The spirit is extraordinarily peaty with a definite tang of iodine. It catches in her throat but she can feel the wonderful warmth of it spreading through her. She could get used to it. He downs his own drink in one and pours himself another. ‘That’s better.’
‘What’s happened, Cal? Is there something wrong in Glasgow?’
‘The only thing that’s wrong in Glasgow is my fucking father.’
The raw viciousness of this alarms her all over again, but she waits quietly for him to calm down and explain. He’s practically trembling with rage. Vibrating with it.
He sighs, shakes his head. ‘He wants to put this place on the market.’ He drinks again, gazes at the floor. ‘A holiday cottage by the sea with potential for development. It’ll sell in no time at all.’
‘This place?’ She looks around. This is only her second visit but even she can see how much Cal treasures it. What a sanctuary it seems to be for him. ‘Why would he do that? Do they need the money?’
Cal bursts out laughing but it’s obviously not very funny. ‘No. Of course he doesn’t need the fucking money, hen. He’s rolling in it. You should see his personal VAT bill, the one for his art sales. And that’s nothing to do with the shop. A separate business altogether.’

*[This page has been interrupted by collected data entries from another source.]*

Section SymmetricSum.
Context {R : realType}.
Implicit Types (f : R -> R) (t : R).

Definition sym_sum f t := f t + f (- t).
Definition sym_diff f t := f t - f (- t).

Lemma sym_sumN f t : sym_sum f (- t) = sym_sum f t.
Proof. by rewrite /sym_sum opprK addrC. Qed.

Lemma sym_sum_norm f t : sym_sum f `|t| = sym_sum f t.
Proof.
by have [/ger0_norm->|t_lt0] := lerP 0 t; last rewrite ltr0_norm // sym_sumN.
Qed.

Lemma sym_diff0 f : sym_diff f 0 = 0.
Proof. by rewrite /sym_diff oppr0 subrr. Qed.

Lemma is_derive_reflect f t : derivable f (- t) 1 ->
  is_derive t 1 (fun x => f (- x)) (- derive1 f (- t)).
Proof.
move=> /derivableP; rewrite -derive1E => df.
by apply: is_derive_eq (is_derive1_comp df (is_deriveNid t 1)) _; rewrite mulrN1.
Qed.

Lemma is_derive_sym_sum f t : derivable f t 1 -> derivable f (- t) 1 ->
  is_derive t 1 (sym_sum f) (sym_diff (derive1 f) t).
Proof.
move=> /derivableP; rewrite -derive1E => df /is_derive_reflect dfN.
exact: is_deriveD df dfN.
Qed.

Lemma is_derive_sym_diff f t : derivable f t 1 -> derivable f (- t) 1 ->
  is_derive t 1 (sym_diff f) (sym_sum (derive1 f) t).
Proof.
move=> /derivableP; rewrite -derive1E => df /is_derive_reflect dfN.
by rewrite /sym_sum -[derive1 f (- t)]opprK; exact: is_deriveB df dfN.
Qed.

Lemma sym_sum_convex_mono f : convex_on_oo (-1) 1 f ->
  forall t u, 0 <= t <= u -> u < 1 -> sym_sum f t <= sym_sum f u.
Proof.
move=> f_convex t u /andP[t_ge0 le_tu] u_lt1.
have [u0|u_neq0] := eqVneq u 0; first by have -> : t = u by lra.
have u_gt0 : 0 < u by rewrite lt_def u_neq0 (le_trans t_ge0).
have u11 : -1 < u < 1 by apply/andP; split; lra.
have Nu11 : -1 < - u < 1 by apply/andP; split; lra.
(* t and -t are mirror-image convex combinations of u and -u. *)
pose l := (t + u) / (2 * u).
have l01 : 0 <= l <= 1.
  by apply/andP; split; rewrite /l ?ler_pdivrMr ?divr_ge0 ?mulr_gt0; lra.
have := f_convex _ _ _ u11 Nu11 l01; have := f_convex _ _ _ Nu11 u11 l01.
have -> : l * - u + (1 - l) * u = - t by rewrite /l; field; lra.
have -> : l * u + (1 - l) * - u = t by rewrite /l; field; lra.
rewrite /sym_sum; lra.
Qed.

End SymmetricSum.

Lemma MVT_inside {R : realType} {f df : R -> R} {l r a b : R} :
  l < a -> a < b -> b < r -> (forall x, l < x < r -> is_derive x 1 f (df x)) ->
  exists2 c : R, a < c < b & f b - f a = df c * (b - a).
Proof.
move=> l_a a_b b_r f_df.
have lr x : a <= x <= b -> l < x < r by move=> /andP[? ?]; apply/andP; split; lra.
have f_df_ab x : x \in `]a, b[ -> is_derive x 1 f (df x).
  by rewrite in_itv /= => /andP[? ?]; apply/f_df/lr/andP; split; lra.
have f_cont : {within `[a, b], continuous f}.
  apply: derivable_within_continuous => x; rewrite in_itv /= => /lr/f_df.
  by case.
by have [c] := MVT a_b f_df_ab f_cont; rewrite in_itv /=; exists c.
Qed.

Section TwiceDifferentiable.
Context {R : realType} {G : R -> R}.
Hypothesis G_derivable : forall t : R, -1 < t < 1 -> derivable G t 1.
Hypothesis dG_derivable : forall t : R, -1 < t < 1 -> derivable (derive1 G) t 1.
Hypothesis d2G_ge0 : forall t : R, -1 < t < 1 -> 0 <= derive1n 2 G t.
Hypothesis d2G_convex : convex_on_oo (-1) 1 (derive1n 2 G).

Let in11N (t : R) : -1 < t < 1 -> -1 < - t < 1.
Proof. by move=> /andP[? ?]; apply/andP; split; lra. Qed.

Lemma sym_sum_derive (t : R) : -1 < t < 1 ->
  is_derive t 1 (sym_sum G) (sym_diff (derive1 G) t).
Proof.
by move=> t11; apply: is_derive_sym_sum; apply: G_derivable => //; apply: in11N.
Qed.

Lemma sym_diff_derive (t : R) : -1 < t < 1 ->
  is_derive t 1 (sym_diff (derive1 G)) (sym_sum (derive1n 2 G) t).
Proof.
by move=> t11; apply: is_derive_sym_diff; apply: dG_derivable => //; apply: in11N.
Qed.

Lemma sym_diff_MVT0 (c : R) : 0 < c < 1 ->
  exists2 e : R, 0 < e < c & sym_diff (derive1 G) c = sym_sum (derive1n 2 G) e * c.
Proof.
move=> /andP[c_gt0 c_lt1].
have [e e_0c] := MVT_inside (ltrN10 R) c_gt0 c_lt1 sym_diff_derive.
by rewrite sym_diff0 !subr0; exists e.
Qed.

Lemma sym_diff_ge0 (c : R) : 0 <= c < 1 -> 0 <= sym_diff (derive1 G) c.
Proof.
move=> /andP[c_ge0 c_lt1]; have [->|c_neq0] := eqVneq c 0; first by rewrite sym_diff0.
have [|e /andP[e_gt0 e_lt_c] ->] := sym_diff_MVT0 c.
  by rewrite lt_def c_neq0 c_ge0.
by rewrite mulr_ge0 // addr_ge0 ?d2G_ge0 ?in11N //; apply/andP; split; lra.
Qed.

Lemma sym_sum_mono (a b : R) : 0 <= a <= b -> b < 1 -> sym_sum G a <= sym_sum G b.
Proof.
move=> /andP[a_ge0 a_le_b] b_lt1; have [->//|a_neq_b] := eqVneq a b.
have a_lt_b : a < b by rewrite lt_neqAle a_neq_b.
have [e /andP[a_e e_b] E] :=
  MVT_inside (lt_le_trans (ltrN10 R) a_ge0) a_lt_b b_lt1 sym_sum_derive.
rewrite -subr_ge0 E; apply: mulr_ge0; last by rewrite subr_ge0.
by apply: sym_diff_ge0; apply/andP; split; lra.
Qed.

Lemma sym_diff_ratio_mono (a b : R) : 0 < a <= b -> b < 1 ->
  sym_diff (derive1 G) a / a <= sym_diff (derive1 G) b / b.
Proof.
move=> /andP[a_gt0 a_le_b] b_lt1; have [->//|a_neq_b] := eqVneq a b.
have a_lt_b : a < b by rewrite lt_neqAle a_neq_b.
have [|e1 /andP[e1_gt0 e1_a] Ea] := sym_diff_MVT0 a; first by apply/andP; split; lra.
have [e2 /andP[a_e2 e2_b] Eb] :=
  MVT_inside (lt_trans (ltrN10 R) a_gt0) a_lt_b b_lt1 sym_diff_derive.
have d2_le : sym_sum (derive1n 2 G) e1 <= sym_sum (derive1n 2 G) e2.
  apply: (sym_sum_convex_mono _ d2G_convex); last exact: lt_trans e2_b b_lt1.
  by rewrite !ltW // (lt_trans e1_a a_e2).
rewrite Ea mulfK ?gt_eqF // ler_pdivlMr ?(lt_trans a_gt0) //.
move: Eb; rewrite Ea => /eqP; rewrite subr_eq => /eqP->.
move: d2_le; set p1 := sym_sum _ e1; set p2 := sym_sum _ e2 => d2_le.
rewrite -subr_ge0 (_ : _ - _ = (p2 - p1) * (b - a)); last by ring.
by rewrite mulr_ge0 // subr_ge0 // ltW.
Qed.

Lemma sym_sum_tangent (s t : R) : 0 < s < 1 -> -1 < t < 1 ->
  sym_sum G s + sym_diff (derive1 G) s / (2 * s) * (t ^+ 2 - s ^+ 2) <= sym_sum G t.
Proof.
move=> /andP[s_gt0 s_lt1] t11.
wlog t_ge0 : t t11 / 0 <= t => [tangent|].
  have [|t_lt0] := lerP 0 t; first exact: tangent.
  rewrite -(sym_sumN G t) -(sqrrN t); apply: tangent; first exact: in11N.
  by rewrite oppr_ge0 ltW.
set m := sym_diff (derive1 G) s / (2 * s).
pose phi (x : R) := sym_sum G x - m * x ^+ 2.
suff : phi s <= phi t by rewrite /phi; lra.
have dphi (x : R) : -1 < x < 1 ->
    is_derive x 1 phi (sym_diff (derive1 G) x - m * (2 * x)).
  move=> x11.
  have := is_deriveB (sym_sum_derive _ x11)
    (is_deriveZ m (is_deriveX 2 (is_derive_id x 1))).
  set F := (X in is_derive _ _ X _) => dF.
  have -> : phi = F by apply/funext => y.
  by apply: is_derive_eq dF _; rewrite expr1 /GRing.scale /= mulr1.
have dphi_sign (x : R) : 0 < x < 1 ->
    0 <= (x - s) * (sym_diff (derive1 G) x - m * (2 * x)).
  move=> /andP[x_gt0 x_lt1].
  have -> : sym_diff (derive1 G) x - m * (2 * x) =
      x * (sym_diff (derive1 G) x / x - sym_diff (derive1 G) s / s).
    by rewrite /m; field; rewrite !gt_eqF.
  rewrite mulrCA; apply: mulr_ge0; first exact: ltW.
  have [x_le_s|s_le_x] := lerP x s.
    apply: mulr_le0; rewrite subr_le0 //.
    by apply: (sym_diff_ratio_mono x s); rewrite ?x_gt0.
  apply: mulr_ge0; rewrite subr_ge0; first exact: ltW.
  by apply: (sym_diff_ratio_mono s x); rewrite ?s_gt0 ?ltW.
have t_lt1 : t < 1 by case/andP: t11.
have [t_lt_s|s_lt_t|->//] := ltgtP t s.
  have [e /andP[t_e e_s] E] :=
    MVT_inside (lt_le_trans (ltrN10 R) t_ge0) t_lt_s s_lt1 dphi.
  have /dphi_sign : 0 < e < 1 by apply/andP; split; lra.
  rewrite nmulr_rge0 ?subr_lt0 // => dphi_le0.
  by rewrite -subr_le0 E mulr_le0_ge0 // subr_ge0 ltW.
have [e /andP[s_e e_t] E] := MVT_inside (lt_trans (ltrN10 R) s_gt0) s_lt_t t_lt1 dphi.
have /dphi_sign : 0 < e < 1 by apply/andP; split; lra.
rewrite pmulr_rge0 ?subr_gt0 // => dphi_ge0.
by rewrite -subr_ge0 E mulr_ge0 // subr_ge0 ltW.
Qed.

End TwiceDifferentiable.

Lemma Pg_le_sum {R : realType} {n N : nat} (g : R -> \bar R) (w : 'I_N -> 'rV[R]_n) x :
  dotv x x = 1 -> (Pg g w <= \sum_(i < N) g (dotv x (w i)))%E.
Proof. by move=> xx; apply: ereal_inf_lbound; exists x. Qed.

Lemma Pg_ge {R : realType} {n N : nat} (g : R -> \bar R) (w : 'I_N -> 'rV[R]_n)
    (v : \bar R) :
  (forall x, dotv x x = 1 -> (v <= \sum_(i < N) g (dotv x (w i)))%E) -> (v <= Pg g w)%E.
Proof. by move=> v_le; apply: le_ereal_inf_tmp => _ [x xx <-]; apply: v_le. Qed.

Lemma inv_sqrt_nat_gt0_lt1 {R : rcfType} {d : nat} : (1 < d)%N ->
  0 < (Num.sqrt (d%:R : R))^-1 < 1.
Proof.
move=> d_gt1; have sqrt_gt1 : 1 < Num.sqrt (d%:R : R).
  by rewrite -[X in X < _]sqrtr1 ltr_sqrt ?ltr1n ?ltr0n ?(ltnW d_gt1).
by rewrite invr_gt0 invf_lt1 ?(lt_trans ltr01) // andbT (lt_trans ltr01).
Qed.

Lemma natr_mul_inv_sqrt_sqr {R : rcfType} {d : nat} : (0 < d)%N ->
  d%:R * (Num.sqrt (d%:R : R))^-1 ^+ 2 = 1.
Proof. by move=> d_gt0; rewrite exprVn sqr_sqrtr ?ler0n // divff ?pnatr_eq0 -?lt0n. Qed.

Lemma sqr_le1_itv {R : realDomainType} (t : R) : t ^+ 2 <= 1 -> -1 <= t <= 1.
Proof. by move=> t2_le1; apply/andP; split; nra. Qed.

Lemma sum_cross_config {R : realType} {n : nat} (a : 'I_n -> 'rV[R]_n)
    (F : R -> \bar R) x :
  (\sum_(i < n + n) F (dotv x (cross_config a i)) =
   \sum_(j < n) (F (dotv x (a j)) + F (- dotv x (a j))%R))%E.
Proof.
rewrite big_split_ord big_split /=; congr (_ + _)%E; apply: eq_bigr => j _.
  by rewrite /cross_config -[lshift n j]/(unsplit (inl j)) unsplitK.
by rewrite /cross_config -[rshift n j]/(unsplit (inr j)) unsplitK dotvNr.
Qed.

Section ExtendedKernel.
Context {R : realType} {n : nat} {g : R -> \bar R}.
Local Notation G := (fine \o g).
Hypothesis g_fin : forall t : R, -1 <= t < 1 -> g t \is a fin_num.
Hypothesis G_cont : {within `[-1, 1[, continuous G}.
Hypothesis g_left1 : g t @[t --> 1^'-] --> g 1.

Lemma g_EFin (t : R) : -1 <= t < 1 -> g t = (G t)%:E.
Proof. by move=> t11; rewrite /= fineK ?g_fin. Qed.

Lemma G_cvgN1 : G (- t) @[t --> 1^'-] --> G (-1).
Proof.
have : {within `[-1, 0], continuous G}.
  apply: continuous_subspaceW G_cont => x /=; rewrite !in_itv /= => /andP[-> x_le0].
  exact: le_lt_trans x_le0 ltr01.
case/(continuous_within_itvP _ (ltrN10 R)) => _ /cvg_at_rightNP + _.
by rewrite opprK.
Qed.

Lemma sym_bound_at1 (c m : R) :
  (forall t : R, 0 < t < 1 -> c + m * t ^+ 2 <= G t + G (- t)) ->
  ((c + m)%:E <= g 1 + g (-1))%E.
Proof.
move=> bound.
rewrite (@g_EFin (-1)); last by rewrite lexx /=; lra.
have sq_cvg : t ^+ 2 @[t --> (1 : R)^'-] --> (1 ^+ 2 : R).
  exact: cvg_at_left_filter (@exprn_continuous R 2 1).
have : c + m * t ^+ 2 - G (- t) @[t --> 1^'-] --> (c + m * 1 ^+ 2 - G (-1) : R).
  exact: cvgB (cvgD (cvg_cst c) (cvgM (cvg_cst m) sq_cvg)) G_cvgN1.
rewrite expr1n mulr1 => poly_cvg.
have lhs_cvg :
    (c + m * t ^+ 2 - G (- t))%:E @[t --> 1^'-] --> (c + m - G (-1))%:E.
  by apply: cvg_EFin; [exact: nearW | exact: poly_cvg].
have : ((c + m - G (-1))%:E <= g 1)%E.
  apply: (lee_cvg_to lhs_cvg g_left1); near=> t.
  have t_gt0 : 0 < t by near: t; exact: nbhs_left_gt.
  have t_lt1 : t < 1 by near: t; exact: nbhs_left_lt.
  have t11 : -1 <= t < 1 by rewrite t_lt1 andbT; lra.
  rewrite g_EFin //.
  by rewrite lee_fin; have /= := bound t (introT andP (conj t_gt0 t_lt1)); lra.
case: (g 1) => [r||] //=; rewrite ?lee_fin.
  by move=> ?; lra.
by rewrite addye ?leey.
Unshelve. all: by end_near.
Qed.

Hypothesis G_derivable : forall t : R, -1 < t < 1 -> derivable G t 1.
Hypothesis dG_derivable : forall t : R, -1 < t < 1 -> derivable (derive1 G) t 1.
Hypothesis d2G_convex : convex_on_oo (-1) 1 (derive1n 2 G).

‘Then I don’t understand. Doesn’t he know how you feel about it? How much you love it?’
‘Of course he knows. That’s one of his reasons for doing it. He likes to be in control and this is just another way of making sure everyone including me is under his thumb.’
She’s speechless for a
moment or two. The thought of her dad, of Rob, doing something similar, is so far beyond her imagination that it’s hard to understand why any father would contemplate doing it to a child, unless in desperate circumstances.
‘Why?’ she says again. ‘I mean, what’s in it for him?’
‘What’s in it for him is that he thinks I’ll have to go back to Glasgow and take over running the shop. He sees this as my bolthole. My sanctuary. Which it is, of course. He thinks I make excuses to be here all the time, working on my fancy bits of furniture. Upcycling. You should have heard the way he spat that word out!’
Maybe he does make excuses to be here all the time. The thought had certainly crossed her mind, although she can’t say that to him now.
‘Can he do it?’ she asks instead.
‘Of course he can do it.’
‘But what about your mother?’
‘Well, yes. Her name is on the deeds right enough.’
‘I thought the house was in her family originally.’
‘It was. But she added his name when they got married. She once told me she wanted to share everything with him, and he was painting over here back then.’
‘So it’s in both their names?’
He looks exasperated, as though she’s being obtuse. ‘Yes, of course. She would have a say in it. As his wife. But you know, Mum tends to do as she’s told. And if he wants to sell, that’s what he’ll do.’
‘Does she? Do as she’s told, I mean?’ This is more or less what Mrs Cameron said too. But Fiona hadn’t struck her as being particularly meek.
‘Oh, Daisy, you don’t know the half of it. Years of living with my dad.’ He shakes his head. ‘What do they call it now? Coercive control? Gaslighting.’